The most important question for the field is not which approach will win, but whether the approaches will converge — whether the performance of foundry-manufactured qubits will rise to meet the fidelity of donor qubits, or whether donor fabrication will become scalable enough to compete with foundries.
There are reasons for optimism on both fronts. The Diraq/imec result showed that the dominant error source in foundry qubits is ²⁹Si nuclear spin noise — a problem with a known solution (isotopic purification). If foundries can source enriched ²⁸Si substrates at scale, a significant chunk of the fidelity gap closes.
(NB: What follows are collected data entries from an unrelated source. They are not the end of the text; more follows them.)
(* In an execution of Algorithm A1 (described in the context) with $n>3t$ and a weak common coin, if at the start of some round $r$ all non-faulty processes have the same estimate $\mathit{est}=v\in\{0,1\}$, then every non-faulty process decides $v$ in round $r$ (if it has not already decided), and no non-faulty process ever decides a value different from $v$ in any later round.
   Context: System model: $n$ asynchronous sequential processes $p_1,\dots,p_n$, of which at most $t$ are Byzantine (behave arbitrarily, may collude); the others are non-faulty. Processes communicate over reliable asynchronous point-to-point channels between every pair: messages between non-faulty processes are eventually delivered, unaltered, not duplicated, and the receiver knows the identity of the sender; there is no bound on delays and the adversary controls delivery order. ''Broadcast $m$'' means sending $m$ to every process (including oneself). When counting messages ''received from $k$ distinct processes'', at most one message per sender is counted. BV-Broadcast with tag $T$ and input $v$ at process $p_i$: set $\mathit{bin}_i\leftarrow\emptyset$; broadcast $\mathrm{BVAL}(T,v)$; return (a reference to) $\mathit{bin}_i$, which may keep growing afterwards. In the background, for every value $x$: when $\mathrm{BVAL}(T,x)$ has been received from $t+1$ distinct processes and $p_i$ has not yet broadcast $\mathrm{BVAL}(T,x)$, $p_i$ broadcasts $\mathrm{BVAL}(T,x)$; when $\mathrm{BVAL}(T,x)$ has been received from $2t+1$ distinct processes, $p_i$ adds $x$ to $\mathit{bin}_i$. SBV-Broadcast with tag $T$ and input $v$ at $p_i$: $\mathit{bin}_i\leftarrow$ BV-Broadcast with tag $T$ and input $v$; wait until $\mathit{bin}_i\neq\emptyset$; broadcast $\mathrm{AUX}(T,w)$ for some $w\in\mathit{bin}_i$; wait until there are $n-t$ distinct processes $p_j$ from which a message $\mathrm{AUX}(T,w_j)$ has been received with $w_j\in \mathit{bin}_i$ (the current value of the growing set); let $\mathit{view}_i$ be the set of these values $w_j$; return $(\mathit{view}_i,\mathit{bin}_i)$ ($\mathit{view}_i$ is fixed upon return, $\mathit{bin}_i$ may still grow). Weak common coin with parameter $d\ge 2$: for each round $r$, a call $\mathsf{random}()$ in round $r$ returns a bit to each non-faulty caller; with probability $1/d$ all non-faulty processes get $0$, with probability $1/d$ all get $1$, and with probability $(d-2)/d$ they may get different values. The round-$r$ output is random and unpredictable, and is not revealed to anyone before at least one non-faulty process has called $\mathsf{random}()$ in round $r$. Algorithm A1 (binary consensus), at non-faulty $p_i$ proposing $v_i\in\{0,1\}$: set $\mathit{est}\leftarrow v_i$, $r\leftarrow 0$. Repeat forever: (1) $r\leftarrow r+1$. (2) $(\mathit{view}_0,\mathit{bin})\leftarrow$ SBV-Broadcast with tag $(r,0)$ and input $\mathit{est}$. (3) Broadcast $\mathrm{AUXSET}(r,\mathit{view}_0)$. (4) Wait until there are $n-t$ distinct processes $p_j$ from which a message $\mathrm{AUXSET}(r,S_j)$ has been received with $S_j\subseteq\mathit{bin}$ (current value), and let $\mathit{view}_1=\bigcup_j S_j$. (5) If $\mathit{view}_1=\{w\}$ then $\mathit{est}\leftarrow w$, else $\mathit{est}\leftarrow\bot$. (6) $(\mathit{view}_2,\_)\leftarrow$ SBV-Broadcast with tag $(r,1)$ and input $\mathit{est}\in\{0,1,\bot\}$. (7) $s\leftarrow\mathsf{random}()$. (8) If $\mathit{view}_2=\{v\}$ with $v\neq\bot$: $\mathit{est}\leftarrow v$ and decide $v$ if not yet decided; if $\mathit{view}_2=\{v,\bot\}$ with $v\in\{0,1\}$: $\mathit{est}\leftarrow v$; if $\mathit{view}_2=\{\bot\}$: $\mathit{est}\leftarrow s$. *)

From HB Require Import structures.
From mathcomp Require Import all_boot.
Set Implicit Arguments. Unset Strict Implicit. Unset Printing Implicit Defensive.
Lemma Cdot_hom_decomp (Y X X' : V) (A A' : C) (m : ghom (g0 := Cdot) Y (X, A) (X', A')) :
  exists (W : V) (phi : chom (tens Y X) (tens X' W)) (f : ghom W A A'),
    gcomp (g0 := Cdot) m (cop_unit X A)
    = reix (g0 := Cdot) phi (gcomp (g0 := Cdot) (cop_unit X' A') (fhom Edot f)).
Proof.
  destruct (qclass_surj m) as [[W phi f] ->]. exists W, phi, f. simpl.
  unfold cop_unit, cop_in, Edot_hom. rewrite !Cdot_comp_qclass, Cdot_reix_qclass.
  unfold comp_rep, reix_rep; simpl.
  rewrite gcomp_id_r, gcomp_id_l, !coend_step_qclass, paste_runit. do 2 f_equal.
  rewrite mrunit_massoc. unfold paste, lunit_runit. lassoc.
  crewrite triangle. crewrite @tensh_merge. crewrite (mrunit_inv_r X'). rewrite !ccomp_id_l.
  crewrite @triangle_inv. crewrite @tensh_merge. crewrite (mlunit_inv_r W).
  rewrite !ccomp_id_l. crewrite @mrunit_massoc. rewrite mrunit_nat. reflexivity.
Qed.

End CopowerCompletion.

Section Naturality.
Context {V : MonoidalCategory} {C D : GradedCategory V} (F G : GradedFunctor C D)
  (d : forall A : C, ghom munit (F A) (G A)).

Definition nat_lhs (X : V) (A B : C) (m : ghom X A B) : ghom X (F A) (G B) :=
  reix (mlunit_inv X) (gcomp (d B) (fhom F m)).

Definition nat_rhs (X : V) (A B : C) (m : ghom X A B) : ghom X (F A) (G B) :=
  reix (mrunit_inv X) (gcomp (fhom G m) (d A)).

Definition natural_at (X : V) (A B : C) (m : ghom X A B) : Prop := nat_lhs m = nat_rhs m.

Lemma nat_lhs_comp (X Y : V) (A B B' : C) (u : ghom X A B) (m : ghom Y B B') :
  nat_lhs (gcomp m u) = gcomp (nat_lhs m) (fhom F u).
Proof.
  unfold nat_lhs. rewrite gcomp_reix_l, gcomp_assoc, reix_reix, fhom_comp.
  f_equal. symmetry. apply mlunit_inv_massoc.
Qed.

Lemma nat_rhs_comp (X Y : V) (A B B' : C) (u : ghom X A B) (m : ghom Y B B') :
  natural_at u -> nat_rhs (gcomp m u) = gcomp (nat_rhs m) (fhom F u).
Proof.
  unfold natural_at, nat_lhs, nat_rhs. intro Hu.
  apply reix_transpose with (be := mlunit X) in Hu; [|apply mlunit_inv_l].
  rewrite gcomp_reix_l, gcomp_assoc, Hu, !gcomp_reix_r, gcomp_assoc_inv, <- fhom_comp,
    !reix_reix.
  f_equal. crewrite @triangle_retract. rewrite ccomp_id_r. symmetry.
  apply mrunit_inv_massoc_inv.
Qed.

Lemma natural_at_comp (X Y : V) (A B B' : C) (u : ghom X A B) (m : ghom Y B B') :
  natural_at u -> natural_at m -> natural_at (gcomp m u).
Proof.
  intros Hu Hm. unfold natural_at. rewrite nat_lhs_comp, nat_rhs_comp, Hm by exact Hu.
  reflexivity.
Qed.

Lemma natural_at_copower_cancel (X Y : V) (A B B' : C) (u : ghom X A B) (m : ghom Y B B') :
  is_copower (fhom F u) -> natural_at u -> natural_at (gcomp m u) -> natural_at m.
Proof.
  intros Hc Hu Hmu. apply (copower_cancel Hc).
  rewrite <- nat_lhs_comp, <- nat_rhs_comp by exact Hu. exact Hmu.
Qed.

Lemma natural_at_reix (X Y : V) (A B : C) (al : chom Y X) (m : ghom X A B) :
  natural_at m -> natural_at (reix al m).
Proof.
  unfold natural_at, nat_lhs, nat_rhs. intro H.
  rewrite !fhom_reix, gcomp_reix_r, gcomp_reix_l, !reix_reix.
  transitivity (reix al (reix (mlunit_inv X) (gcomp (d B) (fhom F m)))).
  - rewrite reix_reix. f_equal. symmetry. apply mlunit_inv_nat.
  - rewrite H, reix_reix. f_equal. apply mrunit_inv_nat.
Qed.

End Naturality.

Lemma whisker_Edot_inj {V : MonoidalCategory} (C D : GradedCategory V)
  (F G : GradedFunctor (Cdot C) D) :
  preserves_copowers F ->
  forall d d' : GradedNat F G,
    nat_eq (whisker (Edot C) d) (whisker (Edot C) d') -> nat_eq d d'.
Proof.
  intros HF d d' Hdd' [X A]. specialize (Hdd' A). simpl in Hdd'.
  apply (copower_cancel (HF _ _ _ _ (cop_unit_copower X A))).
  apply (reix_inj (al := mlunit_inv X) (be := mlunit X)); [apply mlunit_inv_l|].
  rewrite (nnat d), (nnat d'). simpl. rewrite Hdd'. reflexivity.
Qed.

Section ExtendTransformation.
Context {V : MonoidalCategory} (C D : GradedCategory V) (F G : GradedFunctor (Cdot C) D)
  (HF : preserves_copowers F) (e : GradedNat (gfun_comp F (Edot C)) (gfun_comp G (Edot C))).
On the donor side, SQC has explicitly discussed scaling through modular arrays of donor clusters connected by exchange coupling — a strategy that trades atomic-precision placement of every individual atom for a more structured, repeatable architecture.
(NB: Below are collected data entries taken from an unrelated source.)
(* Let $G=(V,E)$ be an undirected graph with non-negative edge weights, let $S\subseteq V$ be non-empty, let $u,v\in V$ and let $P(u,v)$ be a shortest path between $u$ and $v$ in $G$. If $P(u,v)$ is not contained in $G_S$, then $\max(h_S(u),h_S(v))\le d_G(u,v)$.
   Context: $d_G(u,v)$ is the shortest-path distance in $G$; $h_S(u)=\min_{s\in S}d_G(u,s)$. For $v\in V$, $E_S(v)$ is the set of edges incident to $v$ whose weight is at most $h_S(v)$; $E_S=\bigcup_{v\in V}E_S(v)$ and $G_S=(V,E_S)$. ''$P(u,v)$ is contained in $G_S$'' means every edge of $P(u,v)$ is in $E_S$. *)

From HB Require Import structures.
From mathcomp Require Import all_boot all_order all_algebra.
From mathcomp Require Import classical_sets boolp reals constructive_ereal ereal.
Set Implicit Arguments. Unset Strict Implicit. Unset Printing Implicit Defensive.
Import Order.TTheory GRing.Theory Num.Theory.
Local Open Scope classical_set_scope.
Local Open Scope ring_scope.

Definition wgraph (R : realType) (V : finType) (e : rel V) (w : V -> V -> R) :=
  [/\ symmetric e,
      (forall x y, w x y = w y x) & (forall x y, e x y -> 0 <= w x y)].

(* A walk from x is a sequence p of the vertices after x; it is a walk in G if
   consecutive vertices are adjacent. Its weight is the sum of edge weights. *)
Definition walk_weight (R : realType) (V : finType) (w : V -> V -> R)
    (x : V) (p : seq V) : R :=
  \sum_(ab <- zip (x :: p) p) w ab.1 ab.2.

Definition is_walk (V : finType) (e : rel V) (x y : V) (p : seq V) :=
  path e x p && (last x p == y).

(* Shortest-path distance d_G(x,y) in \bar R (+oo if no walk). *)
Definition dG (R : realType) (V : finType) (e : rel V) (w : V -> V -> R)
    (x y : V) : \bar R :=
  ereal_inf [set (walk_weight w x p)%:E | p in [set p | is_walk e x y p]].

Definition hS (R : realType) (V : finType) (e : rel V) (w : V -> V -> R)
    (S : {set V}) (x : V) : \bar R :=
  ereal_inf [set dG e w x s | s in [set s | s \in S]].

Definition in_ES_at (R : realType) (V : finType) (e : rel V) (w : V -> V -> R)
    (S : {set V}) (v x : V) : Prop :=
  e v x /\ ((w v x)%:E <= hS e w S v)%E.

Definition in_ES (R : realType) (V : finType) (e : rel V) (w : V -> V -> R)
    (S : {set V}) (x y : V) : Prop :=
  in_ES_at e w S x y \/ in_ES_at e w S y x.

Definition contained_in_GS (R : realType) (V : finType) (e : rel V)
    (w : V -> V -> R) (S : {set V}) (x : V) (p : seq V) : Prop :=
  forall ab, ab \in zip (x :: p) p -> in_ES e w S ab.1 ab.2.

Definition shortest_path (R : realType) (V : finType) (e : rel V)
    (w : V -> V -> R) (x y : V) (p : seq V) : Prop :=
  [/\ is_walk e x y p, uniq (x :: p) & (walk_weight w x p)%:E = dG e w x y].

From mathcomp Require Import all_boot all_order all_algebra.
From mathcomp Require Import classical_sets boolp reals constructive_ereal ereal.
Import Order.TTheory GRing.Theory Num.Theory.
Local Open Scope ring_scope.
Set Implicit Arguments. Unset Strict Implicit.

(* Let (a, b) be an edge of P(u, v) outside E_S, so h_S(a) < w(a, b). Going
   from u along P to a and then along a walk from a to S lighter than w(a, b)
   costs less than the prefix of P up to b, hence h_S(u) <= w(P) = d_G(u, v).
   The same argument on the reversed path, with the edge (b, a), bounds h_S(v). *)

Section Walks.
Variables (R : realType) (V : finType) (e : rel V) (w : V -> V -> R).

Lemma walk_weight_cons (x z : V) p :
  walk_weight w x (z :: p) = w x z + walk_weight w z p.
Proof. by rewrite /walk_weight /= big_cons. Qed.

Lemma walk_weight_cat (x : V) p q :
  walk_weight w x (p ++ q) = walk_weight w x p + walk_weight w (last x p) q.
Proof.
elim: p x => [|z p IHp] x /=; first by rewrite /walk_weight big_nil add0r.
by rewrite !walk_weight_cons IHp addrA.
Qed.

Lemma walk_weight_ge0 (x : V) p :
  (forall a b, e a b -> 0 <= w a b) -> path e x p -> 0 <= walk_weight w x p.
Proof.
move=> w_ge0; elim: p x => [|z p IHp] x /=; first by rewrite /walk_weight big_nil.
by case/andP=> exz zp; rewrite walk_weight_cons addr_ge0 ?w_ge0 ?IHp.
Qed.

Lemma path_edge (x : V) p a b : path e x p -> (a, b) \in zip (x :: p) p -> e a b.
Proof.
elim: p x => [|z p IHp] x //= /andP[exz zp].
by rewrite in_cons => /orP[/eqP[-> ->] //|]; apply: IHp.
Qed.

Lemma zip_path_split (x : V) p a b : (a, b) \in zip (x :: p) p ->
  exists p1 p2, p = p1 ++ b :: p2 /\ last x p1 = a.
Proof.
elim: p x => [|z p IHp] x //=.
rewrite in_cons => /orP[/eqP[-> ->]|/IHp[p1 [p2 [-> <-]]]].
  by exists [::], p.
by exists (z :: p1), p2.
Qed.

(* The vertices after [last x p] of the walk [x :: p] traversed backwards. *)
Definition rev_walk (x : V) p := rev (belast x p).

Lemma zip_rev_walk (x : V) p :
  zip (last x p :: rev_walk x p) (rev_walk x p) =
  rev [seq (ab.2, ab.1) | ab <- zip (x :: p) p].
Proof.
rewrite /rev_walk; elim: p x => [|z p IHp] x //=.
have zip_rcons_cons y s t : zip (y :: rcons s t) (rcons s t) =
    rcons (zip (y :: s) s) (last y s, t).
  by elim: s y => [|? ? IHs] y //=; rewrite IHs.
rewrite rev_cons zip_rcons_cons IHp rev_cons; congr (rcons _ (_, _)).
by case: p {IHp} => [|y p] //=; rewrite rev_cons last_rcons.
Qed.

Lemma mem_zip_rev_walk (x : V) p a b : (a, b) \in zip (x :: p) p ->
  (b, a) \in zip (last x p :: rev_walk x p) (rev_walk x p).
Proof. by move=> ab; rewrite zip_rev_walk mem_rev; apply/mapP; exists (a, b). Qed.

Lemma is_walk_rev (x y : V) p :
  symmetric e -> is_walk e x y p -> is_walk e y x (rev_walk x p).
Proof.
move=> e_sym /andP[xp /eqP <-]; apply/andP; split.
  by rewrite rev_path (eq_path (e' := e)) // => a b; rewrite e_sym.
by rewrite /rev_walk -(last_cons x) -rev_rcons -lastI rev_cons last_rcons.
Qed.

Lemma walk_weight_rev (x : V) p : (forall a b, w a b = w b a) ->
  walk_weight w (last x p) (rev_walk x p) = walk_weight w x p.
Proof.
move=> w_sym; rewrite /walk_weight zip_rev_walk big_rev big_map.
by apply: eq_bigr => ab _; apply: w_sym.
Qed.

End Walks.

Section Distances.
Variables (R : realType) (V : finType) (e : rel V) (w : V -> V -> R).
Variable S : {set V}.

Lemma dG_le_walk_weight (x y : V) p :
  is_walk e x y p -> (dG e w x y <= (walk_weight w x p)%:E)%E.
Proof. by move=> xyp; apply: ereal_inf_lbound; exists p. Qed.

Lemma hS_le_dG (x s : V) : s \in S -> (hS e w S x <= dG e w x s)%E.
Proof. by move=> sS; apply: ereal_inf_lbound; exists s. Qed.

Lemma hS_le_walk_weight (x : V) p a b :
  (forall a b, e a b -> 0 <= w a b) -> path e x p ->
  (a, b) \in zip (x :: p) p -> (hS e w S a < (w a b)%:E)%E ->
  (hS e w S x <= (walk_weight w x p)%:E)%E.
Proof.
move=> w_ge0 xp ab /ereal_inf_lt[_ [s /= sS <-]] /ereal_inf_lt[_ [q /= asq <-]].
rewrite lte_fin => q_lt_ab.
have [p1 [p2 [p_split p1a]]] := zip_path_split ab; subst p.
have xsq : is_walk e x s (p1 ++ q).
  move: asq xp; rewrite /is_walk !cat_path last_cat p1a.
  by case/andP=> -> -> /andP[-> _].
have p2_ge0 : 0 <= walk_weight w b p2.
  by move: xp; rewrite cat_path /= => /and3P[_ _ bp2]; apply: walk_weight_ge0 bp2.
apply: le_trans (hS_le_dG x sS) _; apply: le_trans (dG_le_walk_weight xsq) _.
rewrite lee_fin !walk_weight_cat p1a walk_weight_cons lerD2l.
by apply/ltW/(lt_le_trans q_lt_ab); rewrite lerDl.
Qed.

End Distances.

Theorem lemma4 (R : realType) (V : finType) (e : rel V) (w : V -> V -> R)
    (S : {set V}) (u v : V) (p : seq V) :
  wgraph e w -> S != finset.set0 -> shortest_path e w u v p ->
  ~ contained_in_GS e w S u p ->
  (maxe (hS e w S u) (hS e w S v) <= dG e w u v)%E.
Proof.
move=> [e_sym w_sym w_ge0] _ [uvp _ <-] /existsNP[[a b]] /not_implyP[ab abS].
have /andP[up /eqP last_v] := uvp.
have eab : e a b := path_edge up ab.
have ha : (hS e w S a < (w a b)%:E)%E.
  by rewrite ltNge; apply/negP => ?; apply: abS; left.
have hb : (hS e w S b < (w b a)%:E)%E.
  by rewrite ltNge; apply/negP => ?; apply: abS; right; split => //; rewrite e_sym.
rewrite ge_max (hS_le_walk_weight w_ge0 up ab ha) /=.
have /andP[vp _] := is_walk_rev e_sym uvp.
rewrite -last_v in vp *; rewrite -(walk_weight_rev u p w_sym).
exact: (hS_le_walk_weight w_ge0 vp (mem_zip_rev_walk ab) hb).
Qed.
There is also a hybrid possibility: donor clusters used as high-fidelity logical qubit nodes, connected by quantum-dot-style exchange links fabricated with conventional lithography. This would combine the donor approach’s performance advantage with the quantum dot approach’s fabrication scalability. It is speculative, but the physics does not obviously forbid it.
What is clear is that silicon quantum computing is not a single horse in the quantum computing race — it is a stable. And the diversity of approaches within the platform may ultimately be one of its greatest strengths: if any one of the three paths reaches fault-tolerant operation, the others provide the manufacturing knowledge, the control techniques, or the error correction protocols needed to scale it.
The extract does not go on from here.